Kein Vertrauen auf späteren Ablauf einer Begründungsfrist

Bleibt die gewährte Verlängerung der Berufungsbegründungsfrist hinter dem Antrag eines Rechtsanwalts zurück, darf dieser nicht darauf vertrauen, dass die Frist erst später abläuft. Vielmehr ist dem Bundesgerichtshof zufolge von einem ordentlichen und gewissenhaften Juristen zu erwarten, dass er eine solche Mitteilung zur Kenntnis nimmt und sich auf den daraus ersichtlichen Zeitraum einstellt.

Nur der erste Antrag ging durch

Ein Erbe machte Schadensersatzansprüche wegen angeblicher Behandlungs- und Aufklärungsfehler gegenüber seiner verstorbenen Frau geltend. Das LG Hagen wies die Klage ab. Das Urteil wurde seinem Anwalt am 21.01.2021 zugestellt. Dagegen legte dieser rechtzeitig Berufung ein. Auf seinen Verlängerungsantrag vom 22.03.2021 verlängerte das OLG Hamm die Begründungsfrist bis zum 21.04.2021. Am Tag darauf beantragte er, die Frist um einen weiteren Monat zu verlängern. Ohne Erfolg, denn der Antrag sei erst nach Ablauf der verlängerten Begründungsfrist eingegangen, so der Vorsitzende des Berufungssenats. Daraufhin beantragte der Kläger die Wiedereinsetzung.
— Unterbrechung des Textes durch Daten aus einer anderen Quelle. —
Lemma measurable_EFin_cexp x : measurable_fun D (fun xi => (cexp x xi)%:E).
Proof. exact: measurable_EFin_coneStar (measurable_cexp x). Qed.

Lemma cexp_integral_ge0 x : 0 <= cexp_integral x.
Proof. by apply: integral_ge0 => xi _; rewrite lee_fin cexp_ge0. Qed.

Lemma cexp_integral_convex x y (l : R) : (0 <= l <= 1)%R ->
  cexp_integral (l *: x + (1 - l) *: y) <= l%:E * cexp_integral x + (1 - l)%:E * cexp_integral y.
Proof.
move=> /[dup] l01 /andP[l0 l1]; have l0' : (0 <= 1 - l)%R by rewrite subr_ge0.
have cexp0 z xi : D xi -> 0 <= (cexp z xi)%:E by rewrite lee_fin cexp_ge0.
rewrite /cexp_integral -!ge0_integralZl_EFin //;
  try (exact: cexp0); try (exact: measurable_EFin_cexp).
refine (ge0_le_integralD mu mD (measurable_EFin_cexp _)
  (measurable_funeM l%:E (measurable_EFin_cexp x))
  (measurable_funeM (1 - l)%:E (measurable_EFin_cexp y)) _ _ _ _).
- exact: cexp0.
- by move=> xi Dxi; rewrite mule_ge0 ?cexp0.
- by move=> xi Dxi; rewrite mule_ge0 ?cexp0.
- by move=> xi _; rewrite -!EFinM -EFinD lee_fin cexp_convex.
Qed.

Lemma measurable_small_weight (i : 'I_d) : measurable_fun [set: T] (small_weight i).
Proof.
have mabs k : measurable_fun [set: T] (fun xi : T => `|xi 0 k|%R).
  exact: measurableT_comp (measurable_coord k).
apply: measurable_funD; last exact: measurable_funX (mabs i).
rewrite (_ : (fun xi => _) = (fun xi : T => \sum_(k < d) (if k != i then `|xi 0 k| else 0))%R).
  apply: (@measurable_sum _ T R setT _ _ (fun k (xi : T) => if k != i then `|xi 0 k| else 0)%R).
  by move=> k; case: (k != i); [exact: mabs | exact: measurable_cst].
by apply/funext => xi; rewrite big_mkcond.
Qed.

Lemma integral_smallJumps (F : 'rV[R]_d -> R) :
  \int[mu]_(xi in (@smallJumps R d : set T)) (F xi)%:E =
  \int[mu]_(xi in D) (F xi * small_indic xi)%:E.
Proof.
rewrite (_ : (@smallJumps R d : set T) = D `&` unit_ball) // integral_mkcondr.
apply: eq_integral => xi _; rewrite small_indicE /patch indicE.
by case: ifPn; rewrite ?mulr1 ?mulr0.
Qed.

Lemma cexp_integral_le_small_weight (i : 'I_d) x y : vle y x ->
  cexp_integral y <= cexp_integral x + (2 * l1norm y ^+ 2 * expR (l1norm y))%:E *
    \int[mu]_(xi in (@smallJumps R d : set T)) (small_weight i xi)%:E.
Proof.
move=> yx; set K := (2 * l1norm y ^+ 2 * expR (l1norm y))%R.
have K0 : (0 <= K)%R by apply/mulr_ge0/expR_ge0/mulr_ge0/sqr_ge0.
have w0 xi : D xi -> 0 <= (small_weight i xi * small_indic xi)%:E.
  by rewrite lee_fin mulr_ge0 ?small_weight_ge0 ?small_indic_ge0.
have mw : measurable_fun D (fun xi => (small_weight i xi * small_indic xi)%:E).
  apply: measurable_EFin_coneStar.
  by apply: measurable_funM; [exact: measurable_small_weight | exact: measurable_small_indic].
rewrite integral_smallJumps -ge0_integralZl_EFin //.
refine (ge0_le_integralD mu mD (measurable_EFin_cexp y) (measurable_EFin_cexp x)
  (measurable_funeM K%:E mw) _ _ _ _).
- by move=> xi _; rewrite lee_fin cexp_ge0.
- by move=> xi _; rewrite lee_fin cexp_ge0.
- by move=> xi Dxi; rewrite mule_ge0 ?w0.
- by move=> xi [Cxi _]; rewrite -EFinM -EFinD lee_fin cexp_le_small_weight.
Qed.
Hinsichtlich der Verlängerung (nur) bis zum 21.04.2021 sei von einem zu korrigierenden Schreibfehler auszugehen. Da die Frist ohne Verlängerung erst am 22.03.2021, einem Montag, abgelaufen wäre, hätte sie bis zum 22.04.2021 verlängert werden müssen. Doch auch dieses Begehren lehnte das OLG ab und verwarf die Berufung als unzulässig.

Jurist muss sich auf die kürzere Frist einstellen

Die Rechtsbeschwerde hiergegen vor dem BGH hatte ebenfalls keinen Erfolg. Dem VI. Zivilsenat zufolge ist der Kläger nicht in seinem Anspruch auf Gewährung wirkungsvollen Rechtsschutzes verletzt (Art. 2 Abs. 1 GG in Verbindung mit dem Rechtsstaatsprinzip). Das OLG sei zutreffend zum Ergebnis gelangt, dass der dort am 22.04.2021 eingegangene Antrag auf erneute Verlängerung der Begründungsfrist nicht innerhalb des bis zum 21.04.2021 verlängerten Zeitraums und damit nicht rechtzeitig eingegangen sei. Ein bloßes Schreibversehen lasse sich nicht feststellen. Ein Rechtsanwalt, dem eine gerichtliche Verfügung über die Verlängerung einer Frist bis zu einem bestimmten Datum vorliege, darf dem Karlsruher Entscheid zufolge nicht einfach davon ausgehen, das Enddatum beruhe auf einem Irrtum des Vorsitzenden, stelle eine offenbare Unrichtigkeit dar und laufe deshalb um einen Tag länger als aus der Verfügung ersichtlich. Vielmehr sei von einem ordentlichen und gewissenhaften Juristen zu erwarten, dass er sich auf die kürzer als beantragt verlängerte Frist einstellt oder sich rechtzeitig vor deren Ende an das Berufungsgericht mit der Bitte um Klarstellung und gegebenenfalls eine weitere Verlängerung wendet. Gehe ihm – wie hier – rechtzeitig vor Ablauf der verlängerten Frist eine Mitteilung des Gerichts zu, aus der sich deren Ende ohne Weiteres entnehmen lasse, sei eine Grundlage für sein Vertrauen, sie laufe erst später ab, nicht erkennbar.

BGH, Beschluss vom 27.09.2022 - VI ZB 66/21

Redaktion beck-aktuell, 8. November 2022.